▶ **Information shown**:

—————

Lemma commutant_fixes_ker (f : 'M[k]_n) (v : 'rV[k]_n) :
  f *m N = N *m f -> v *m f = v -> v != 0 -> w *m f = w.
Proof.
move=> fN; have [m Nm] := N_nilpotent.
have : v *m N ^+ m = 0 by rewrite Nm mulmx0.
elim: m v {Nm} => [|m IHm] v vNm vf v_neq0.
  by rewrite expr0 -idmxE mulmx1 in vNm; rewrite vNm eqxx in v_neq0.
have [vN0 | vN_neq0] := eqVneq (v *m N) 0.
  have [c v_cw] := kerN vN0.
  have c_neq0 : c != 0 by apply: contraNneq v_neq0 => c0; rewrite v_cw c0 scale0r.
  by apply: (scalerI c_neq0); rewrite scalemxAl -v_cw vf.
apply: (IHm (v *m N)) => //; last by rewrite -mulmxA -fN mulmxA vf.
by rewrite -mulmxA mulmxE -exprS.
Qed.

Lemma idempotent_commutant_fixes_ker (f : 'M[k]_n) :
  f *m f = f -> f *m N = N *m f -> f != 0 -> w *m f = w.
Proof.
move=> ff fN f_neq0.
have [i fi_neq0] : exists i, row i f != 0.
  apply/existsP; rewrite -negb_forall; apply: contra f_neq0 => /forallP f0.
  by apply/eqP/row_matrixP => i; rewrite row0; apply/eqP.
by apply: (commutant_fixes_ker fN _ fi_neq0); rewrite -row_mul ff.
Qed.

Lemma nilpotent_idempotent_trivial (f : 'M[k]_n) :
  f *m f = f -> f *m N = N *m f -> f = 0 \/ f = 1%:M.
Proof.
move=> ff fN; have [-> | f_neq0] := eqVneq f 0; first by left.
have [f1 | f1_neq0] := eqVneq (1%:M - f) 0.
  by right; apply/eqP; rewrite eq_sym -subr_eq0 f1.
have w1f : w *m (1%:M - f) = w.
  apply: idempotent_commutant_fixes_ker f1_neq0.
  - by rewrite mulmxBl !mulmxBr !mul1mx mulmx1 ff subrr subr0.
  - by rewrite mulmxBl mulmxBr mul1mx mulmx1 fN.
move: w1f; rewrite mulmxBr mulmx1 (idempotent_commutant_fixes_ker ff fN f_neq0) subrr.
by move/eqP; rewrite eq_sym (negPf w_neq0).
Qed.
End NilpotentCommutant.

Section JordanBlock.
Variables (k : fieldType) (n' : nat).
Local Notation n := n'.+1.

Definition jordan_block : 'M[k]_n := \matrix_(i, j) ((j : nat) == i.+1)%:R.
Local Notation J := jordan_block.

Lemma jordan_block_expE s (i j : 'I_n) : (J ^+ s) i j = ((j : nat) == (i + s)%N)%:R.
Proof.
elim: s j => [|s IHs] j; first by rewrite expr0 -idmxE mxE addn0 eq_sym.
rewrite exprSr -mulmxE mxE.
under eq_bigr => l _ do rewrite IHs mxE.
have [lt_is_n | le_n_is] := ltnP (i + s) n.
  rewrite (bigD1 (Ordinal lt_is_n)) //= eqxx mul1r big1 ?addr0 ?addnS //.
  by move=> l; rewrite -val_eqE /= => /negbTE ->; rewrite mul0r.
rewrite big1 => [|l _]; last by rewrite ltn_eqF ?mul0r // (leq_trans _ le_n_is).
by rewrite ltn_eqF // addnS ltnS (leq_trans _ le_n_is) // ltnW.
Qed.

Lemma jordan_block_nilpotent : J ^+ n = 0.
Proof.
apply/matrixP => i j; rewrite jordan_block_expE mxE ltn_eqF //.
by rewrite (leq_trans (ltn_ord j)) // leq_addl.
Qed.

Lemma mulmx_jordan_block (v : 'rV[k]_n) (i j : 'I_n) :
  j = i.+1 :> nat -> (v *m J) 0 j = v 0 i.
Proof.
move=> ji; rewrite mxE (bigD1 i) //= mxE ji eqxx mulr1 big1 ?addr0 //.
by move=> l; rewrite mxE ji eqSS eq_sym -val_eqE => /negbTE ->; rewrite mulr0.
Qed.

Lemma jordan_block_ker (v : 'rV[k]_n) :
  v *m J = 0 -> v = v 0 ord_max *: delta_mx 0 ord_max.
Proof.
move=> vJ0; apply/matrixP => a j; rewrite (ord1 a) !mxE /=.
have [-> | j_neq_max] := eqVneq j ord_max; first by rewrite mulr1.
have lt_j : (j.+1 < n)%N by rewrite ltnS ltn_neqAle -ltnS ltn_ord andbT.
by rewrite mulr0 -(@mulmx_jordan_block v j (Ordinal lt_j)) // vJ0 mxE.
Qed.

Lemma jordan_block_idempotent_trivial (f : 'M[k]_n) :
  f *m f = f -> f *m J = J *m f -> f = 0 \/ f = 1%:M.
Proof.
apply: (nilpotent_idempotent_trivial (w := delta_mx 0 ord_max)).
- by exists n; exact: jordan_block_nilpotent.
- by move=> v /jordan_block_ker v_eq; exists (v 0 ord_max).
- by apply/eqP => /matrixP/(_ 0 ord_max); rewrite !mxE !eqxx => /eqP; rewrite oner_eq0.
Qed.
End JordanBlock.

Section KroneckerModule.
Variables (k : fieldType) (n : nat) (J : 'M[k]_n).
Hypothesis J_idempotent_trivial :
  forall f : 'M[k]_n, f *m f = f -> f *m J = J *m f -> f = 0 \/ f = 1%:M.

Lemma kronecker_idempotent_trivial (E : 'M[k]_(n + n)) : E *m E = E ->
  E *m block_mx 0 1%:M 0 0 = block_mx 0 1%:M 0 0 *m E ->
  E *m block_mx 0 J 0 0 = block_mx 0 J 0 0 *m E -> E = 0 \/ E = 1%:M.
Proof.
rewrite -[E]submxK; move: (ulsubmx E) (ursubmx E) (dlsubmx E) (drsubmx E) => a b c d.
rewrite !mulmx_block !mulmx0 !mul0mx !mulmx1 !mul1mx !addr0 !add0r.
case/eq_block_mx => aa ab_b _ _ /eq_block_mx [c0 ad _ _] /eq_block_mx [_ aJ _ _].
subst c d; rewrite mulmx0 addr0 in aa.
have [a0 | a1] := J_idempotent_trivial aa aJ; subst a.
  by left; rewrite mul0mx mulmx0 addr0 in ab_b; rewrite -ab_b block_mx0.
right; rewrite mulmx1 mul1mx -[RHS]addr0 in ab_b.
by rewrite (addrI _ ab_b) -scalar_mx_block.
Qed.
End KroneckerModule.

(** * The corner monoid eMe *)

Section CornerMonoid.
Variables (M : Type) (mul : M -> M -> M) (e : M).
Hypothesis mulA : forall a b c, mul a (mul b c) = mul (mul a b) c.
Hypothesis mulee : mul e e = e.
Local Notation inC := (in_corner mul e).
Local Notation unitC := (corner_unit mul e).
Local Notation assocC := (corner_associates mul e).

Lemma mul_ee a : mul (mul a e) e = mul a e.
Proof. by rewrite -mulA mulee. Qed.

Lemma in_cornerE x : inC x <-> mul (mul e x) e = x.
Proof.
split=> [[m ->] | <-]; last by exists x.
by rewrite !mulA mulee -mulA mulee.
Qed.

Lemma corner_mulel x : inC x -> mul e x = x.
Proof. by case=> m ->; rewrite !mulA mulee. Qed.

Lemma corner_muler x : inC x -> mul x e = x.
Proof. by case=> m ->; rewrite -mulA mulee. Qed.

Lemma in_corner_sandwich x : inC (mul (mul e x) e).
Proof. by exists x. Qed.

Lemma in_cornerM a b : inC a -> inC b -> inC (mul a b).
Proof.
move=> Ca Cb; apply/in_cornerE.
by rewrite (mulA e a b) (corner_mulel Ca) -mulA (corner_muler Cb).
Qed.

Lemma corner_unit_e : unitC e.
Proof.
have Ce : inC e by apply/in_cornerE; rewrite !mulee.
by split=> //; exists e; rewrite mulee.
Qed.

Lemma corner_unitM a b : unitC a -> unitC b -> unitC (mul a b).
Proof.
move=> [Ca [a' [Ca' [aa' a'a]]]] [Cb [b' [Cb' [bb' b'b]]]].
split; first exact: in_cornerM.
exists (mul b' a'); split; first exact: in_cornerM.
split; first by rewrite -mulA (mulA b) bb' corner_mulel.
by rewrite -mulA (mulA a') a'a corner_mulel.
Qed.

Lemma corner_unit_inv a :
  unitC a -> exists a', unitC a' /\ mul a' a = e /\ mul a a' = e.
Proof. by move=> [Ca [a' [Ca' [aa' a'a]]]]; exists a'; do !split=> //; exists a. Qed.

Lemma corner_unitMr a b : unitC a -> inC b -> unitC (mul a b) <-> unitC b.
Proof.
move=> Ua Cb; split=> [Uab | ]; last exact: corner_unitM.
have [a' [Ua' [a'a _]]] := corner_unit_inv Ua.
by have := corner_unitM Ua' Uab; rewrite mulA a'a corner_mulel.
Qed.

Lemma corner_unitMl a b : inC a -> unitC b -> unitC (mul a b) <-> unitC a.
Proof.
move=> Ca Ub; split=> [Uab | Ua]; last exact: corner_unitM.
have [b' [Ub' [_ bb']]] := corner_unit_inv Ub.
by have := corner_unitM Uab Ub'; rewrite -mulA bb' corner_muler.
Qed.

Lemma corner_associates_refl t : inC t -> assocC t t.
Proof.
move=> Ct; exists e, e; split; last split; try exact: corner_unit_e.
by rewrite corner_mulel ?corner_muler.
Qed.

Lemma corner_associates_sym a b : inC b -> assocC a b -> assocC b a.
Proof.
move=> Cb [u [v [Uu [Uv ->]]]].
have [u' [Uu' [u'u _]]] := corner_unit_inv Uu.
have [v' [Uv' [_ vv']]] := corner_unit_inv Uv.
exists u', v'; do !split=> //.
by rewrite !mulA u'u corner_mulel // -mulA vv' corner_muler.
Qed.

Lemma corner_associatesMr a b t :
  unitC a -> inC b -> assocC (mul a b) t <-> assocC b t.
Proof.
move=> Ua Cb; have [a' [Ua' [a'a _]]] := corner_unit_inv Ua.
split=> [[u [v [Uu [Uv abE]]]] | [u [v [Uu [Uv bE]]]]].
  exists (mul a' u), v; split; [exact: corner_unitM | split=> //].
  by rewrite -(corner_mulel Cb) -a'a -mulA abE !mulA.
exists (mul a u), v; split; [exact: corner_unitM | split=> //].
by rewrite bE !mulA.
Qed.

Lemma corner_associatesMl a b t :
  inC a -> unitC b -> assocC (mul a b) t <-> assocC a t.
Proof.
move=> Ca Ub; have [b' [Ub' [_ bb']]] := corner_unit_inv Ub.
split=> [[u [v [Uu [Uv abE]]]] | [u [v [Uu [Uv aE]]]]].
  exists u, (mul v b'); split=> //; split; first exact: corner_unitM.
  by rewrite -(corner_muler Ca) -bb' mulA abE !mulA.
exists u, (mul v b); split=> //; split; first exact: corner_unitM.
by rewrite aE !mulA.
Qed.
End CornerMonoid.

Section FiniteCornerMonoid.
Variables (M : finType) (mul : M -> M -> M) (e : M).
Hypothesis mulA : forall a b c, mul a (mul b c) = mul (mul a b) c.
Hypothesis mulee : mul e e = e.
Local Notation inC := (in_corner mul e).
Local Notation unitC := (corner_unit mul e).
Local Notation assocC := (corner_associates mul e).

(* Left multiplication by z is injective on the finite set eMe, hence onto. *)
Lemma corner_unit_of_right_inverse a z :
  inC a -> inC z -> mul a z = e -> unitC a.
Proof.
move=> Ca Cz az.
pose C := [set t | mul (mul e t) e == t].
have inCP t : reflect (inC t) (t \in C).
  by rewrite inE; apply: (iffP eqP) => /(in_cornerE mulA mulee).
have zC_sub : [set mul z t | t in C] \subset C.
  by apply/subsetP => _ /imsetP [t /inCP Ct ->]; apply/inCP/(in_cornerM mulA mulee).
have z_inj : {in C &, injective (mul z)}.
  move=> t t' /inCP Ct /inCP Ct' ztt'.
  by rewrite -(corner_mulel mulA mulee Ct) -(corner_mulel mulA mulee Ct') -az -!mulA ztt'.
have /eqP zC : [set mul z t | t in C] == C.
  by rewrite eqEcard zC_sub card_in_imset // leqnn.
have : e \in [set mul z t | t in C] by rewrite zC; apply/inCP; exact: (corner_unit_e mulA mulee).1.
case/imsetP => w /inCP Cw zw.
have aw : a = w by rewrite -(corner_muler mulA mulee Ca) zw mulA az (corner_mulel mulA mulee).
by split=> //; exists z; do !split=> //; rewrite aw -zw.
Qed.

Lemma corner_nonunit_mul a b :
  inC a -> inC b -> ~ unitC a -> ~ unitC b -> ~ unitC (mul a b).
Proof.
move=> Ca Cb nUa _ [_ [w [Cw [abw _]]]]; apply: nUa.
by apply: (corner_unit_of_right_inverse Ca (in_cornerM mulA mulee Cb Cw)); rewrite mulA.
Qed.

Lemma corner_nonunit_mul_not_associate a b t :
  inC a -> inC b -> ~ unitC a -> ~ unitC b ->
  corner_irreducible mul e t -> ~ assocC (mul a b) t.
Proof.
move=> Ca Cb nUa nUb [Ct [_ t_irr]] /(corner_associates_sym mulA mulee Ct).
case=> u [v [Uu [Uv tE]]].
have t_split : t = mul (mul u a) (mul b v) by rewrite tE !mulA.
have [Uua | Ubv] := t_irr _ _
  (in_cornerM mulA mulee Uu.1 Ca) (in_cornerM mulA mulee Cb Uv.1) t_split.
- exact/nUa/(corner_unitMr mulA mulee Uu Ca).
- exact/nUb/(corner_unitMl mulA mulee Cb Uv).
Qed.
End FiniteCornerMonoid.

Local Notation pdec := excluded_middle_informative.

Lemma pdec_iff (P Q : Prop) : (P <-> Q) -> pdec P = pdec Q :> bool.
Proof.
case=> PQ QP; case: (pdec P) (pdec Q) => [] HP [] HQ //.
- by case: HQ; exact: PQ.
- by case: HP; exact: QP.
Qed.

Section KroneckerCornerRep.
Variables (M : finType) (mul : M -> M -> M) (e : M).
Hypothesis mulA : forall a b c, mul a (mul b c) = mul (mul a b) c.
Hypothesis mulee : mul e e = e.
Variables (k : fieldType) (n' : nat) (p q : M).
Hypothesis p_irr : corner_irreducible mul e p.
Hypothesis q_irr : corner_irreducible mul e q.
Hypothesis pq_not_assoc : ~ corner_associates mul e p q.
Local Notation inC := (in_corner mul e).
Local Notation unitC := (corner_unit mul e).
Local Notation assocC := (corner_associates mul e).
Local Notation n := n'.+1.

—————

Look above for the line with "right; rewrite mulmx1" and the line with "Variables (M : Type)". Write out those two lines and all the lines between them, exactly, and no others.

▶ **Result of the exercise**:
right; rewrite mulmx1 mul1mx -[RHS]addr0 in ab_b.
by rewrite (addrI _ ab_b) -scalar_mx_block.
Qed.
End KroneckerModule.

(** * The corner monoid eMe *)

Section CornerMonoid.
Variables (M : Type) (mul : M -> M -> M) (e : M).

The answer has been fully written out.